= AIM OF THE TASK =
Copy exactly, please, each line of the data below until the line that contains "Definition toQ (F" has been copied, beginning at the top.

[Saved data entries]
--------------------------------
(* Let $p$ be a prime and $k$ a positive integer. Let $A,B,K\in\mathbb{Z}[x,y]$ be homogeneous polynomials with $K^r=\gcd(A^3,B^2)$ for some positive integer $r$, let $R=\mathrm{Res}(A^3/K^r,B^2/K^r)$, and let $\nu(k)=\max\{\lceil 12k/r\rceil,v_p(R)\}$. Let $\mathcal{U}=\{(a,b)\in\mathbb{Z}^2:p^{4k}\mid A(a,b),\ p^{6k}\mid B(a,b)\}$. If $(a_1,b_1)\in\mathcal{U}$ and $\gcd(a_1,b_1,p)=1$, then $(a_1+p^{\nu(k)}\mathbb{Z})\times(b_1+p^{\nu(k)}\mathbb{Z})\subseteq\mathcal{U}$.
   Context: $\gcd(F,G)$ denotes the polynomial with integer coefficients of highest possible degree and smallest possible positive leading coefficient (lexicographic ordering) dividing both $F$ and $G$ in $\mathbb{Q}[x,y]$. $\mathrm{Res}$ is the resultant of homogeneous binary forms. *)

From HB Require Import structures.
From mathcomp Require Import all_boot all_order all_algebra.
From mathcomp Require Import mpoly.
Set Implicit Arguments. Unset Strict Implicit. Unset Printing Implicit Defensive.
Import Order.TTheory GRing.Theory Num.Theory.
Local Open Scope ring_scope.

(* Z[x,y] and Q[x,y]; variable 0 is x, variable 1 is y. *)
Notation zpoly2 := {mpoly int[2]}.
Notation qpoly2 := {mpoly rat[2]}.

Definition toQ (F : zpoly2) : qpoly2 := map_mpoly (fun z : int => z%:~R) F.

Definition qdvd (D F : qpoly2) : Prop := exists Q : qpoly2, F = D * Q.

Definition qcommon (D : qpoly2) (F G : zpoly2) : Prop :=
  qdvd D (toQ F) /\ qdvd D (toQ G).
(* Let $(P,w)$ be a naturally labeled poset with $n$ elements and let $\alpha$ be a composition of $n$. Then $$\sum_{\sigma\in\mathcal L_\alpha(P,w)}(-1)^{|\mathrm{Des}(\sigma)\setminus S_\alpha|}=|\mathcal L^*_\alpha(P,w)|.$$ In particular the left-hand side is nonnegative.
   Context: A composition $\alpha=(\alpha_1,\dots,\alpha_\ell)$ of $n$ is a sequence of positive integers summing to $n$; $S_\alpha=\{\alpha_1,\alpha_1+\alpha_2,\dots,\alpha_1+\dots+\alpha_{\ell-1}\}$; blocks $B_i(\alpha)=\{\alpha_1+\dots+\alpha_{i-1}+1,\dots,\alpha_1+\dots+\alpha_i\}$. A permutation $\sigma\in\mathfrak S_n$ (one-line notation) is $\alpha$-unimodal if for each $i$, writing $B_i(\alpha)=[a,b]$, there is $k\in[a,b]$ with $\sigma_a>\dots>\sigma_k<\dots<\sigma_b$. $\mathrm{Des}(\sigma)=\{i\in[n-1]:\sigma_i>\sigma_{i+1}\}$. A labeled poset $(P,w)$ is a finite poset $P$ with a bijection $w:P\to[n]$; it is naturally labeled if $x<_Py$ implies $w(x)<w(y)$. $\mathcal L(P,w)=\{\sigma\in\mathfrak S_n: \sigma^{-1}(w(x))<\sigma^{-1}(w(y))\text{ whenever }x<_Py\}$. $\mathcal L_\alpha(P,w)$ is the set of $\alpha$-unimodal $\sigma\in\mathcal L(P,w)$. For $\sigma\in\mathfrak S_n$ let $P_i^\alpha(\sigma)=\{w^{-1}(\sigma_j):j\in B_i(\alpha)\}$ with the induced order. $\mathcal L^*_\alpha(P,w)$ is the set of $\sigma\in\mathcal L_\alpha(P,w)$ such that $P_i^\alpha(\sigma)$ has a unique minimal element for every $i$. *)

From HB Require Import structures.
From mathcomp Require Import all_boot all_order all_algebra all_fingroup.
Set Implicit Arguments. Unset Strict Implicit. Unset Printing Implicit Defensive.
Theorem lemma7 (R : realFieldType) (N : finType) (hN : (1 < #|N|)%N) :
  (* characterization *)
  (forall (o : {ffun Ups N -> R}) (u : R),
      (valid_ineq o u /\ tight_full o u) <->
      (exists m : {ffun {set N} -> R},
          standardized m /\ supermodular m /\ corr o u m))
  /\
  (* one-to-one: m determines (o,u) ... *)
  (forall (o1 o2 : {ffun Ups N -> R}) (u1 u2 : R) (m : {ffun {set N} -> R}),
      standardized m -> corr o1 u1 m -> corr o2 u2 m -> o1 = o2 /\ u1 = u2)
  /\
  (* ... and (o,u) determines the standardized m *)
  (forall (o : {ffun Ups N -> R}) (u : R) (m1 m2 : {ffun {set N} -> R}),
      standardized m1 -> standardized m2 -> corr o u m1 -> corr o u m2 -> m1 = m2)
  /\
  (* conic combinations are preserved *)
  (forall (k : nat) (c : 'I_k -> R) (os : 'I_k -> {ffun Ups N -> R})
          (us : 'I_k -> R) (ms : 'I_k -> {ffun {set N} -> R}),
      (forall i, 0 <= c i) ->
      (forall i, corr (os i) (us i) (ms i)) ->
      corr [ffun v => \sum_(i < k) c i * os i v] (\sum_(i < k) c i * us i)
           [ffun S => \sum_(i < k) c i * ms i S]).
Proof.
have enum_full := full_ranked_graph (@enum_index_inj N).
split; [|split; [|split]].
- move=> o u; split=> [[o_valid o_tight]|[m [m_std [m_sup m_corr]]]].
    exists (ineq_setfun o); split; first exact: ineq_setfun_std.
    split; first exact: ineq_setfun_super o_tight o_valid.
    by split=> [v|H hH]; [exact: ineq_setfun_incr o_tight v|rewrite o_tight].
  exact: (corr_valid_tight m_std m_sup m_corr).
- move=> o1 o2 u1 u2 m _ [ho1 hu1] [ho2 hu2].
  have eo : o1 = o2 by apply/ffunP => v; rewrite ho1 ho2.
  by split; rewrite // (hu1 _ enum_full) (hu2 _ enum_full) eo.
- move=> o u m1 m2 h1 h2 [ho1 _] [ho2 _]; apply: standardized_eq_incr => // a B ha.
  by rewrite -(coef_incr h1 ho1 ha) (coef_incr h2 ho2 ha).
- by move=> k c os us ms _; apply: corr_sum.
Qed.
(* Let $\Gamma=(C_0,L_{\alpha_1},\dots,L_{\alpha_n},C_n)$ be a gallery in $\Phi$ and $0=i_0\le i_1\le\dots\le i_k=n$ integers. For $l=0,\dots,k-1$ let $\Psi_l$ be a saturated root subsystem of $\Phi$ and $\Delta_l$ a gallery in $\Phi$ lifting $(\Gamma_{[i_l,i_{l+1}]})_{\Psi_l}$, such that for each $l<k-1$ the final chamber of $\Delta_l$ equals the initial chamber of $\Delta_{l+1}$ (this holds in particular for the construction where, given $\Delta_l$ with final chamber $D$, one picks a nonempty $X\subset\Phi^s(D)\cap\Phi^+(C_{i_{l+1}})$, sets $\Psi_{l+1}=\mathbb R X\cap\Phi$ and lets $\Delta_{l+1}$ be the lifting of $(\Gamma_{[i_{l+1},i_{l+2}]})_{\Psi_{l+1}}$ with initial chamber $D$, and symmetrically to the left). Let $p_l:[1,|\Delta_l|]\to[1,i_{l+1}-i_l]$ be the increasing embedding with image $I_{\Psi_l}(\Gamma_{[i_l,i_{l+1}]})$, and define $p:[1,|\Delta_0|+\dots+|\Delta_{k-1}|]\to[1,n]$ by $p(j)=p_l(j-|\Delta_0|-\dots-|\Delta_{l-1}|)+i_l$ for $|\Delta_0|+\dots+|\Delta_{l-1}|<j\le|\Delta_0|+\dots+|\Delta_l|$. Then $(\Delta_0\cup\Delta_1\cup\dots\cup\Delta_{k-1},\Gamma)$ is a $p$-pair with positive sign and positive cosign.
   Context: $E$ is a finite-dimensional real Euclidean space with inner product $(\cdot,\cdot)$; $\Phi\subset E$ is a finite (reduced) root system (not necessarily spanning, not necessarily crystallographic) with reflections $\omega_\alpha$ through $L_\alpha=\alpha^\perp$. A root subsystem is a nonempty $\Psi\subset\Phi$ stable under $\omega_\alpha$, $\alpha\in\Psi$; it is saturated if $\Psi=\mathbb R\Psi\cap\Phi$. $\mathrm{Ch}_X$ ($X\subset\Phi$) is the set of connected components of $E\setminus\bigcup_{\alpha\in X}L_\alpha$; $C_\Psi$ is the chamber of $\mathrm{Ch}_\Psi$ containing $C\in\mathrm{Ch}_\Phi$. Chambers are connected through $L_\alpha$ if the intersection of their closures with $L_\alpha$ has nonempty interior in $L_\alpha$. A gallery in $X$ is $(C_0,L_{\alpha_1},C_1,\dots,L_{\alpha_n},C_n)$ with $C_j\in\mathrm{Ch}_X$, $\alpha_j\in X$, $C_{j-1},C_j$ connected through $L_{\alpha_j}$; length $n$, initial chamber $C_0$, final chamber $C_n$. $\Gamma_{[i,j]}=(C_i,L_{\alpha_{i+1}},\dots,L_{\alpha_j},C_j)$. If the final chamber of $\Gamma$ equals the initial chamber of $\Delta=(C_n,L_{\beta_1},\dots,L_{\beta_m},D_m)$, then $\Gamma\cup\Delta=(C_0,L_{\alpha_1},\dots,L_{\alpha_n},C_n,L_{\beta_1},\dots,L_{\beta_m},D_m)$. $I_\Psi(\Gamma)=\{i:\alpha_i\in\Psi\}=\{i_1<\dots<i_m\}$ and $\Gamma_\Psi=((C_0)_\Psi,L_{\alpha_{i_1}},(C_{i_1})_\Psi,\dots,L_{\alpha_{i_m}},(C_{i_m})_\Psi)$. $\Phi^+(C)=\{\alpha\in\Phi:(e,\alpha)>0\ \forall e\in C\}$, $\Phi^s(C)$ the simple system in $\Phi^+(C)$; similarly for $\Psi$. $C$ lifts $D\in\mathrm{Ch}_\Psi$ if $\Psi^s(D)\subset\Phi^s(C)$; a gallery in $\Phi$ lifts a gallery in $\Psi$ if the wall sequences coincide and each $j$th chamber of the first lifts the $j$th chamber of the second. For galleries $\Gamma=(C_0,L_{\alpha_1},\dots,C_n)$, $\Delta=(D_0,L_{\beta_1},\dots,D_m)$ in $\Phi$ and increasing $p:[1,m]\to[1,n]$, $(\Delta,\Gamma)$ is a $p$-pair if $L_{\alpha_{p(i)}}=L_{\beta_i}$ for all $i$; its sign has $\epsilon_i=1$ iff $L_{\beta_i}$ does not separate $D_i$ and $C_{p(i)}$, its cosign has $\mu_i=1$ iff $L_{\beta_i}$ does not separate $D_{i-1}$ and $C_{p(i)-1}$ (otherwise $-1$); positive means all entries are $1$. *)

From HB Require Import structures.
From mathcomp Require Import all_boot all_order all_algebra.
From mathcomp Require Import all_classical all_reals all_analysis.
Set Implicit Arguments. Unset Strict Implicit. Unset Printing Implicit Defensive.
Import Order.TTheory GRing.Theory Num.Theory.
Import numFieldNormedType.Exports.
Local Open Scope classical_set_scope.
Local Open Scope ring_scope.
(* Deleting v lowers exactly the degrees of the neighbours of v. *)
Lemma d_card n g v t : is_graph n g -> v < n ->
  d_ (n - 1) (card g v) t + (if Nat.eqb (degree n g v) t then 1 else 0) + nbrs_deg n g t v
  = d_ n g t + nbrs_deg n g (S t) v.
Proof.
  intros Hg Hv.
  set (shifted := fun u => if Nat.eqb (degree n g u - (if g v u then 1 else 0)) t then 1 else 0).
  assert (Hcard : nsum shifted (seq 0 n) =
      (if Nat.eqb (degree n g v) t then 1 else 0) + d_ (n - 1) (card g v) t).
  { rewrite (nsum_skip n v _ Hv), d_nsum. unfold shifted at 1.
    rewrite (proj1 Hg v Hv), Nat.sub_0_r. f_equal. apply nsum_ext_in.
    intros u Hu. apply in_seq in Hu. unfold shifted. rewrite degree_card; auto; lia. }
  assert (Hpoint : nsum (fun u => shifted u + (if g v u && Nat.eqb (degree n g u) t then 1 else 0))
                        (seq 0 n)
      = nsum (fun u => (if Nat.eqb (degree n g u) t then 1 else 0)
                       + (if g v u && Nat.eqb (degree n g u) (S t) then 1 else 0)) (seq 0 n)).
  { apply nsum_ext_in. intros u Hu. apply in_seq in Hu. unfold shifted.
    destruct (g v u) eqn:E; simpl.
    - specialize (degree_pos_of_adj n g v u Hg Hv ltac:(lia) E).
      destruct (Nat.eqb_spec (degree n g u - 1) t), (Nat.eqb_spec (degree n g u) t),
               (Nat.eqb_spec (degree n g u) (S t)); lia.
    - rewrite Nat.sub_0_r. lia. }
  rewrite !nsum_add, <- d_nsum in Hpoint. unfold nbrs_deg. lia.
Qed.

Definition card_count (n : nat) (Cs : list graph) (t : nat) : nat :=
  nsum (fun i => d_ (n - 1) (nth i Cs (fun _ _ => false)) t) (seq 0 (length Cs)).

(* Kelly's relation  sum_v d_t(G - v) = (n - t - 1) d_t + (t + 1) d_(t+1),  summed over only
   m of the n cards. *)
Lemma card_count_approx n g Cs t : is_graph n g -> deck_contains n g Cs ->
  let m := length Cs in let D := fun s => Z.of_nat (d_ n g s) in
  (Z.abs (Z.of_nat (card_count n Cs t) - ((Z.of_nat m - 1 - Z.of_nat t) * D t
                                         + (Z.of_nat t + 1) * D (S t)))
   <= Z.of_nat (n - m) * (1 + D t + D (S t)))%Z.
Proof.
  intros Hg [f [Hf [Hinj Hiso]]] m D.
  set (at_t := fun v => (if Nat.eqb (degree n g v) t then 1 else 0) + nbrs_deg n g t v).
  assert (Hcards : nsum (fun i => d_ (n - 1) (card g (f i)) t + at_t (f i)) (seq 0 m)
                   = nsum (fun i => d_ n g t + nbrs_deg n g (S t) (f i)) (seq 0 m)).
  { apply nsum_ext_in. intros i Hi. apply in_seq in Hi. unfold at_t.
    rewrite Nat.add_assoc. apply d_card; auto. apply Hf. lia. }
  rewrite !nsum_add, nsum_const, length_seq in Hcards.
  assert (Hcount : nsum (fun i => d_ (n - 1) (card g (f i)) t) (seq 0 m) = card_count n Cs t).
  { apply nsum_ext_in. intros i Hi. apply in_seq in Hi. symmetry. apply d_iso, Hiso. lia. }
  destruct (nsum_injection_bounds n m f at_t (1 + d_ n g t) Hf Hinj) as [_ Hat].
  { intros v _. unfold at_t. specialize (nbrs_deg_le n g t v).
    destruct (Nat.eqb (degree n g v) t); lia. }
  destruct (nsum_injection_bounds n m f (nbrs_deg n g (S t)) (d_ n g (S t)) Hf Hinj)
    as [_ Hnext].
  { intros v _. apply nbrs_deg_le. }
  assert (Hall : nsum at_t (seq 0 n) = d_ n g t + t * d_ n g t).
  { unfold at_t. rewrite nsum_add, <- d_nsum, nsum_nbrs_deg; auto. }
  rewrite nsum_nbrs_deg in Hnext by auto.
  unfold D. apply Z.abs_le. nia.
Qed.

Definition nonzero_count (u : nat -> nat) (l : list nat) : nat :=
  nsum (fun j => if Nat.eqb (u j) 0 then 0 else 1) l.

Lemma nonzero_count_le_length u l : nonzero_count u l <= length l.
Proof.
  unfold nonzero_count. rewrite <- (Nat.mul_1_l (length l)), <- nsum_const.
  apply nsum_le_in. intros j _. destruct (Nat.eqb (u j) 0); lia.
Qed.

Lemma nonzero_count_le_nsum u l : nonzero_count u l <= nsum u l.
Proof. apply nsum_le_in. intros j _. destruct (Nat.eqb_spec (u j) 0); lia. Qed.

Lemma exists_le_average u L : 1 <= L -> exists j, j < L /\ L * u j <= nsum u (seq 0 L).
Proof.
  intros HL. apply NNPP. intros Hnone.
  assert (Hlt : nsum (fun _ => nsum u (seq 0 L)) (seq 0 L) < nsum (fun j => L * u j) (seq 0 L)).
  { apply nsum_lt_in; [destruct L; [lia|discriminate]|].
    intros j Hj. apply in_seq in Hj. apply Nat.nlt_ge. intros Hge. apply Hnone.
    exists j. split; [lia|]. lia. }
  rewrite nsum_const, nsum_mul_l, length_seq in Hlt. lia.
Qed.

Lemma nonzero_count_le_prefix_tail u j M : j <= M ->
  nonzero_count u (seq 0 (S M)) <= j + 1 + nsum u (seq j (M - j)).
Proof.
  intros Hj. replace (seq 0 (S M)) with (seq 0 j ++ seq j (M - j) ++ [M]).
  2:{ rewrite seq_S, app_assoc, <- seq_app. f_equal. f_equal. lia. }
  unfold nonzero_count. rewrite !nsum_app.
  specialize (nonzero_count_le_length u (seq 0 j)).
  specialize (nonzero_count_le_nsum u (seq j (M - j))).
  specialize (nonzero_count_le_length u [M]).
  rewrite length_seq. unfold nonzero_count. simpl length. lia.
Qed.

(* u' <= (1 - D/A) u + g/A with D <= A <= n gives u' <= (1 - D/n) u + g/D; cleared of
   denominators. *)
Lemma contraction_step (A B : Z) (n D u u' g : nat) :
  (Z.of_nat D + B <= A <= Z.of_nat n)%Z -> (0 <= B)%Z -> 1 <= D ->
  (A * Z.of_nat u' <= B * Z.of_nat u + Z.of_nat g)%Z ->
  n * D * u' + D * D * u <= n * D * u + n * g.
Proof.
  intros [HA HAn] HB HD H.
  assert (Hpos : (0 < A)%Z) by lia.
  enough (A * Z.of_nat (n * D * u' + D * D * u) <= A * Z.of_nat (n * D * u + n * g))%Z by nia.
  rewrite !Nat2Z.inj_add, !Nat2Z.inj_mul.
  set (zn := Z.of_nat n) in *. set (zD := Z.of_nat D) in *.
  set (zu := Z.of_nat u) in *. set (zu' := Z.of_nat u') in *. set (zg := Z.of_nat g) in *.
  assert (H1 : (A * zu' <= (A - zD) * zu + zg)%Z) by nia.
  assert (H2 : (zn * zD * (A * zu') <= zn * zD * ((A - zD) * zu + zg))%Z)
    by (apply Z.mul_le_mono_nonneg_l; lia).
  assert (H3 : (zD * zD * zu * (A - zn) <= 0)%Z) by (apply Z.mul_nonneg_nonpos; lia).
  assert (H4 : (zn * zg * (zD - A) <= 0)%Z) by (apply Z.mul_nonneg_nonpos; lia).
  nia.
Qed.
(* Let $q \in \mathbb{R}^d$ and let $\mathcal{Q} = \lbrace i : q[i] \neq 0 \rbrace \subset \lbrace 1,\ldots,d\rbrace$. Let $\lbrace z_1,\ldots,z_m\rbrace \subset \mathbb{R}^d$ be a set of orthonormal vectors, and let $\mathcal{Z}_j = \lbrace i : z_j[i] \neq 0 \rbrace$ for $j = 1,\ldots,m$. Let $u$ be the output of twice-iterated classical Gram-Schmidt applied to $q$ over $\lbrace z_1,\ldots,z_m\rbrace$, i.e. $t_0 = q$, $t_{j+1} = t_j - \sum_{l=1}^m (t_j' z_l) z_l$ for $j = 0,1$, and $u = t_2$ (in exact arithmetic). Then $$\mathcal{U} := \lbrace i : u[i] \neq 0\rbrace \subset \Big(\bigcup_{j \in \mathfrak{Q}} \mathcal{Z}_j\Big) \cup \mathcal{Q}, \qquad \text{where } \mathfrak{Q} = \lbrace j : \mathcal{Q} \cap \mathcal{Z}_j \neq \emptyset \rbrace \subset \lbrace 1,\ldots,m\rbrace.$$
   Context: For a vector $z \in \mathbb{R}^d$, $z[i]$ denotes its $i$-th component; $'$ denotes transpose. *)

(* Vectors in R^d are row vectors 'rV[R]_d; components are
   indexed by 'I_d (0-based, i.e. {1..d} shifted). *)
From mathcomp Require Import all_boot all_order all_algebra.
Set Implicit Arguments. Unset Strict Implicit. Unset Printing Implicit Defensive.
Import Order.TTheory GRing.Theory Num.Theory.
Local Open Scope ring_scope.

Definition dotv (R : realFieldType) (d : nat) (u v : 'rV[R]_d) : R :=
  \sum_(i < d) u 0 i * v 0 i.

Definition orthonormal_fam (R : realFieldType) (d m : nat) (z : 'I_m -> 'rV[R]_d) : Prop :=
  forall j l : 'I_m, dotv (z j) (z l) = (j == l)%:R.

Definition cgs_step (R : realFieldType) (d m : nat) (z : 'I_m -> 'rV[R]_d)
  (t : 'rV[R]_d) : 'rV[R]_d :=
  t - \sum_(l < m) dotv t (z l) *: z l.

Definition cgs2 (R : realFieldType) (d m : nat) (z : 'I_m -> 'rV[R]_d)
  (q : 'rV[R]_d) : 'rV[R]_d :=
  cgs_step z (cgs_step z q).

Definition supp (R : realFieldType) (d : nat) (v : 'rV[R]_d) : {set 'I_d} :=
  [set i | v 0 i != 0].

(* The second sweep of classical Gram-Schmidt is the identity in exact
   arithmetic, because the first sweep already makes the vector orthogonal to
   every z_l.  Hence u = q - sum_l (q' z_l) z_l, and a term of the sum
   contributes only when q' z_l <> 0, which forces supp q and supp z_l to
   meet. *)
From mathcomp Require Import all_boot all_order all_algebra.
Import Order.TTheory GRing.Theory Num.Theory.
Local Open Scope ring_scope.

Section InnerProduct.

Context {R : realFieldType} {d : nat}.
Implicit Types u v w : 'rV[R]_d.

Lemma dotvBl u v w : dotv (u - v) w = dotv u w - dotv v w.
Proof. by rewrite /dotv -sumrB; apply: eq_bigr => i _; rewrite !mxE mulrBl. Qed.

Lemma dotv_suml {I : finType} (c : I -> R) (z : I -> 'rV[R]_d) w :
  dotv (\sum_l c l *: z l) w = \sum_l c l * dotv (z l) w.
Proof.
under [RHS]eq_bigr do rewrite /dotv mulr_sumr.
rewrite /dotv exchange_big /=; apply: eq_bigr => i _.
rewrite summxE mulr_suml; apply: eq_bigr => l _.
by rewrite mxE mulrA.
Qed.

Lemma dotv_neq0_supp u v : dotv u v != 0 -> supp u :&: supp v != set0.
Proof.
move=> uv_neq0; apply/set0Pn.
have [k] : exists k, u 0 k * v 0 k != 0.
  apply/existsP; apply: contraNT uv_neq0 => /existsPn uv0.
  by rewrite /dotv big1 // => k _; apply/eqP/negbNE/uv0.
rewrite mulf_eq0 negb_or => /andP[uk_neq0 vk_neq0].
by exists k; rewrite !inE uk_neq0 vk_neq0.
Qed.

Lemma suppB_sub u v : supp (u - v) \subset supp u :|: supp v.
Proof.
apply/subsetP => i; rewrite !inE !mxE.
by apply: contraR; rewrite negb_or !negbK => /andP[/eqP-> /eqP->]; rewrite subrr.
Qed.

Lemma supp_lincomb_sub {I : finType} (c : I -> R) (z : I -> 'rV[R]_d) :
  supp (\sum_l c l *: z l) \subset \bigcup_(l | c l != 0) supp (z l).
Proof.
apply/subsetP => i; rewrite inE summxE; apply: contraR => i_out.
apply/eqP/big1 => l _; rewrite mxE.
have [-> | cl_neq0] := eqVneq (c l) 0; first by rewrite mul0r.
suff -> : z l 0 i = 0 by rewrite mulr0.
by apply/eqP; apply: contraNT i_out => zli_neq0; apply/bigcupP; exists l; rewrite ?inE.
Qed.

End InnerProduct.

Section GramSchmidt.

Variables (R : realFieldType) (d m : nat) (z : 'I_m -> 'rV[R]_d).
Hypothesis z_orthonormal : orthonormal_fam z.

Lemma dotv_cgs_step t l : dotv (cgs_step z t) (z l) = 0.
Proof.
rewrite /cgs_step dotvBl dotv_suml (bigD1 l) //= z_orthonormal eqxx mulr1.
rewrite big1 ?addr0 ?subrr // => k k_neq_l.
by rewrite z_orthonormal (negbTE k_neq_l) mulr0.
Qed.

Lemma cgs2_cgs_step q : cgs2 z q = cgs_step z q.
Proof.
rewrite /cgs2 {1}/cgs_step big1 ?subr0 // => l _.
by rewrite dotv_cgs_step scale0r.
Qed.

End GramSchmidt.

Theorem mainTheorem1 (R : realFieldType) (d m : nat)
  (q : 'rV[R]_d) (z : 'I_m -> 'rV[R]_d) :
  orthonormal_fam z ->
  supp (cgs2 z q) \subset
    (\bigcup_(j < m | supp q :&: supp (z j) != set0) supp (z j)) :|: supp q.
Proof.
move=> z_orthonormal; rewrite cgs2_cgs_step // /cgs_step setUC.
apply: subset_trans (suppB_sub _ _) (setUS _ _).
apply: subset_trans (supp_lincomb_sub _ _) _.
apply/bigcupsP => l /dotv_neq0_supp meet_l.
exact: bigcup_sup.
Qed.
--------------------------------
= OUTPUT OF THE EXERCISE =
(* Let $p$ be a prime and $k$ a positive integer. Let $A,B,K\in\mathbb{Z}[x,y]$ be homogeneous polynomials with $K^r=\gcd(A^3,B^2)$ for some positive integer $r$, let $R=\mathrm{Res}(A^3/K^r,B^2/K^r)$, and let $\nu(k)=\max\{\lceil 12k/r\rceil,v_p(R)\}$. Let $\mathcal{U}=\{(a,b)\in\mathbb{Z}^2:p^{4k}\mid A(a,b),\ p^{6k}\mid B(a,b)\}$. If $(a_1,b_1)\in\mathcal{U}$ and $\gcd(a_1,b_1,p)=1$, then $(a_1+p^{\nu(k)}\mathbb{Z})\times(b_1+p^{\nu(k)}\mathbb{Z})\subseteq\mathcal{U}$.
   Context: $\gcd(F,G)$ denotes the polynomial with integer coefficients of highest possible degree and smallest possible positive leading coefficient (lexicographic ordering) dividing both $F$ and $G$ in $\mathbb{Q}[x,y]$. $\mathrm{Res}$ is the resultant of homogeneous binary forms. *)

From HB Require Import structures.
From mathcomp Require Import all_boot all_order all_algebra.
From mathcomp Require Import mpoly.
Set Implicit Arguments. Unset Strict Implicit. Unset Printing Implicit Defensive.
Import Order.TTheory GRing.Theory Num.Theory.
Local Open Scope ring_scope.

(* Z[x,y] and Q[x,y]; variable 0 is x, variable 1 is y. *)
Notation zpoly2 := {mpoly int[2]}.
Notation qpoly2 := {mpoly rat[2]}.

Definition toQ (F : zpoly2) : qpoly2 := map_mpoly (fun z : int => z%:~R) F.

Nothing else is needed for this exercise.